> **Source information**
(* Assume Setup (S) and the completion data (C), and suppose the integer columns $c_n$ can be (and are) chosen so that $\det A_{n,n+1}=1$ for all $n\ge 0$. Then $G=\mathbb{Z}$ and the homomorphism $\Psi:K_0(\mathfrak{A})\to C(X_{min},\mathbb{Z})$ determined by $\Psi\circ\iota_n=\Phi_n$ is a group isomorphism onto $C(X_{min},\mathbb{Z})$ sending the order unit $[1_{\mathfrak{A}}]$ to $\chi_{X_{min}}$.
   Context: Setup (S): Let $\mathfrak{A}=\varinjlim(\mathfrak{A}_n,\phi_n)$ be an AF C$^*$-algebra with $\mathfrak{A}_0=\mathbb{C}$, $\mathfrak{A}_n$ having exactly $n+1$ summands, $\phi_n$ unital injective $*$-homomorphisms with multiplicity matrices $\overline{A}_{n,n+1}\in M_{n+2,n+1}(\mathbb{N})$ ($(i,j)$ entry = multiplicity of summand $j$ of $\mathfrak{A}_n$ in summand $i$ of $\mathfrak{A}_{n+1}$), each of rank $n+1$. The Bratteli diagram has vertices $v(i,n)$, $1\le i\le n+1$, and $(\overline{A}_{n,n+1})_{ij}$ edges from $v(j,n)$ to $v(i,n+1)$. A minimal reduction is a subgraph with the same vertices, obtained by deleting edges only, in which for all $n\ge 0$ each vertex at level $n+1$ receives exactly one edge from level $n$ and each vertex at level $n$ emits at least one edge to level $n+1$. Fix a minimal reduction. Then for each $n\ge 1$ there are unique $1\le r'_n<r_n\le n+1$ and $1\le a_n\le n$ such that $v(r'_n,n)$ and $v(r_n,n)$ are the two vertices joined to $v(a_n,n-1)$, every other vertex of level $n-1$ being joined to exactly one vertex of level $n$; set $r_0=1$. $X_{min}$ is the set of infinite paths $(v(i_n,n))_{n\ge0}$, $i_0=1$, in the minimal reduction, with the topology having as clopen basis the nonempty sets $B(i,n)=\{\text{paths with }i_n=i\}$; it is a compact metrizable totally disconnected space. Define the linear map $R_n:\mathbb{C}^{n+1}\to C(X_{min},\mathbb{C})$ by $R_n(\alpha_1,\dots,\alpha_{n+1})=\sum_{l=0}^n\alpha_{l+1}\chi_{B(r_l,l)}$. Completion data (C): $K_0(\mathfrak{A}_n)$ is identified with $\mathbb{Z}^{n+1}$ (column vectors, positive cone $\mathbb{Z}_+^{n+1}$), $K_0(\phi_n)=\phi_{n*}$ is multiplication by $\overline{A}_{n,n+1}$, and $K_0(\mathfrak{A})=\varinjlim(\mathbb{Z}^{n+1},\phi_{n*})$ with canonical maps $\iota_n$ and order unit the image of $1\in\mathbb{Z}=K_0(\mathfrak{A}_0)$. For each $n\ge 0$ choose a column $c_n\in\mathbb{Z}^{n+2}$ such that $A_{n,n+1}=[\,\overline{A}_{n,n+1}\mid c_n\,]\in M_{n+2}(\mathbb{Z})$ is invertible. Put $A_n=(A_{0,1}^{-1}\oplus I_{n-1})(A_{1,2}^{-1}\oplus I_{n-2})\cdots(A_{n-2,n-1}^{-1}\oplus I_1)A_{n-1,n}^{-1}$ for $n\ge1$, let $G=\bigcup_{n\ge1}\{a/\det(A_n^{-1}):a\in\mathbb{Z}\}\subseteq\mathbb{Q}$ with the discrete topology, and $\Phi_n=R_n\circ A_n$ restricted to $\mathbb{Z}^{n+1}$; one has $\Phi_{n+1}\circ\phi_{n*}=\Phi_n$, so $\Psi$ is well defined. *)

From mathcomp Require Import all_boot all_order all_algebra.
From Stdlib Require Import Relations.
Set Implicit Arguments. Unset Strict Implicit. Unset Printing Implicit Defensive.
Import Order.TTheory GRing.Theory Num.Theory.
Local Open Scope ring_scope.

(* Vertices at level n are indexed 0-based by 'I_n.+1 (v(i,n) <-> i-1). *)

Definition AbarZ (Abar : forall n, 'M[nat]_(n.+2, n.+1)) n : 'M[int]_(n.+2, n.+1) :=
  map_mx (fun k : nat => k%:Z) (Abar n).

(* K_0(phi_n) = multiplication by Abar_{n,n+1} *)
Definition push (Abar : forall n, 'M[nat]_(n.+2, n.+1)) n (v : 'cV[int]_(n.+1))
  : 'cV[int]_(n.+2) := AbarZ Abar n *m v.

(* The inductive limit K_0(A) = lim (Z^{n+1}, phi_n_* ): disjoint union of the
   Z^{n+1} modulo the equivalence relation generated by (n,v) ~ (n+1, phi_n_* v). *)
Definition K0pre := sigT (fun n : nat => 'cV[int]_(n.+1)).

Definition K0mk n (v : 'cV[int]_(n.+1)) : K0pre :=
  @existT nat (fun n : nat => 'cV[int]_(n.+1)) n v.

Definition K0step (Abar : forall n, 'M[nat]_(n.+2, n.+1)) (x y : K0pre) : Prop :=
  exists n (v : 'cV[int]_(n.+1)),
    x = K0mk v /\ y = K0mk (push Abar v).

Definition K0eq Abar : relation K0pre := clos_refl_sym_trans K0pre (K0step Abar).

(* the order unit: image of 1 in Z = K_0(A_0) *)
Definition K0unit : K0pre := K0mk (1 : 'cV[int]_1).

Definition pathT := forall n : nat, 'I_n.+1.

(* the minimal reduction is given by the (unique) incoming edge of each vertex at
   level n+1: p n i is the vertex of level n joined to vertex i of level n+1 *)
Definition is_path (p : forall n, 'I_n.+2 -> 'I_n.+1) (x : pathT) : Prop :=
  forall n, p n (x n.+1) = x n.

(* continuous maps X_min -> Z (Z discrete, X_min with the basis B(i,n)):
   every point has a basic neighbourhood B(x_n, n) on which f is constant *)
Definition locconst (p : forall n, 'I_n.+2 -> 'I_n.+1) (f : pathT -> int) : Prop :=
  forall x, is_path p x -> exists n, forall y, is_path p y -> y n = x n -> f y = f x.

Definition Acomp (Abar : forall n, 'M[nat]_(n.+2, n.+1)) (c : forall n, 'cV[int]_(n.+2))
  n : 'M[int]_(n.+2) :=
  castmx (erefl, addn1 n.+1) (row_mx (AbarZ Abar n) (c n)).

Definition intr_mx m k (M : 'M[int]_(m, k)) : 'M[rat]_(m, k) := map_mx (fun z : int => z%:~R) M.

(* A_n = (A_{0,1}^{-1} (+) I_{n-1}) ... A_{n-1,n}^{-1}, via the recursion
   A_0 = I_1, A_{n+1} = (A_n (+) I_1) A_{n,n+1}^{-1}. *)
Fixpoint Amat (Abar : forall n, 'M[nat]_(n.+2, n.+1)) (c : forall n, 'cV[int]_(n.+2))
  n : 'M[rat]_(n.+1) :=
  match n with
  | 0 => 1%:M
  | m.+1 => castmx (addn1 m.+1, addn1 m.+1) (block_mx (Amat Abar c m) 0 0 1%:M)
            *m invmx (intr_mx (Acomp Abar c m))
  end.

Definition Gset (Abar : forall n, 'M[nat]_(n.+2, n.+1)) (c : forall n, 'cV[int]_(n.+2))
  (q : rat) : Prop :=
  exists n : nat, (1 <= n)%N /\ exists a : int, q = a%:~R / \det (invmx (Amat Abar c n)).

Definition Rmap (r : forall n, 'I_n.+1) n (alpha : 'cV[rat]_(n.+1)) (x : pathT) : rat :=
  \sum_(l < n.+1) alpha l 0 * (x l == r l)%:R.

Definition Phi Abar c (r : forall n, 'I_n.+1) n (v : 'cV[int]_(n.+1)) : pathT -> rat :=
  Rmap r (Amat Abar c n *m intr_mx v).

Definition Psi Abar c r (x : K0pre) : pathT -> rat :=
  Phi Abar c r (projT2 x).

(* Since every [det A_{n,n+1}] is 1, each [A_n] and its inverse are integer
   matrices of determinant 1 (the inverse of [A_{n,n+1}] being its adjugate); this
   gives [G = Z] and makes [Psi] integer valued. The block shape of [A_{n+1}] gives
   [Phi_{n+1} \o phi_n* = Phi_n], so [Psi] is well defined. Restricted to the
   vertices of level [n], the functions [chi_{B(r_l, l)}], [l <= n], form a basis
   of the integer functions: going up one level, exactly the two vertices
   [r_{n+1}] and its twin share a parent and only [chi_{B(r_{n+1}, n+1)}]
   separates them. Together with the invertibility of [A_n] this yields
   injectivity, and surjectivity follows because, by compactness (König's lemma),
   a continuous integer function on [X_min] factors through some level. *)

From mathcomp Require Import all_boot all_order all_algebra.
From Stdlib Require Import Relations Classical ClassicalEpsilon.
Set Implicit Arguments. Unset Strict Implicit. Unset Printing Implicit Defensive.
Import Order.TTheory GRing.Theory Num.Theory.
Local Open Scope ring_scope.

Section Tree.

Variable p : forall n, 'I_n.+2 -> 'I_n.+1.
Arguments p : clear implicits.

(* [ancestor i l] is the vertex of level [l] below the vertex [i] of level [n]
   (meaningful for [l <= n]). *)
Fixpoint ancestor n : 'I_n.+1 -> forall l, 'I_l.+1 :=
  match n return 'I_n.+1 -> forall l, 'I_l.+1 with
  | 0 => fun i l => inord i
  | m.+1 => fun i l => if l == m.+1 then inord i else ancestor (p m i) l
  end.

> **Assignment**
Lines containing the word "invmx" are to be located in the entries and copied.

> **Solution to the exercise**
            *m invmx (intr_mx (Acomp Abar c m))
  exists n : nat, (1 <= n)%N /\ exists a : int, q = a%:~R / \det (invmx (Amat Abar c n)).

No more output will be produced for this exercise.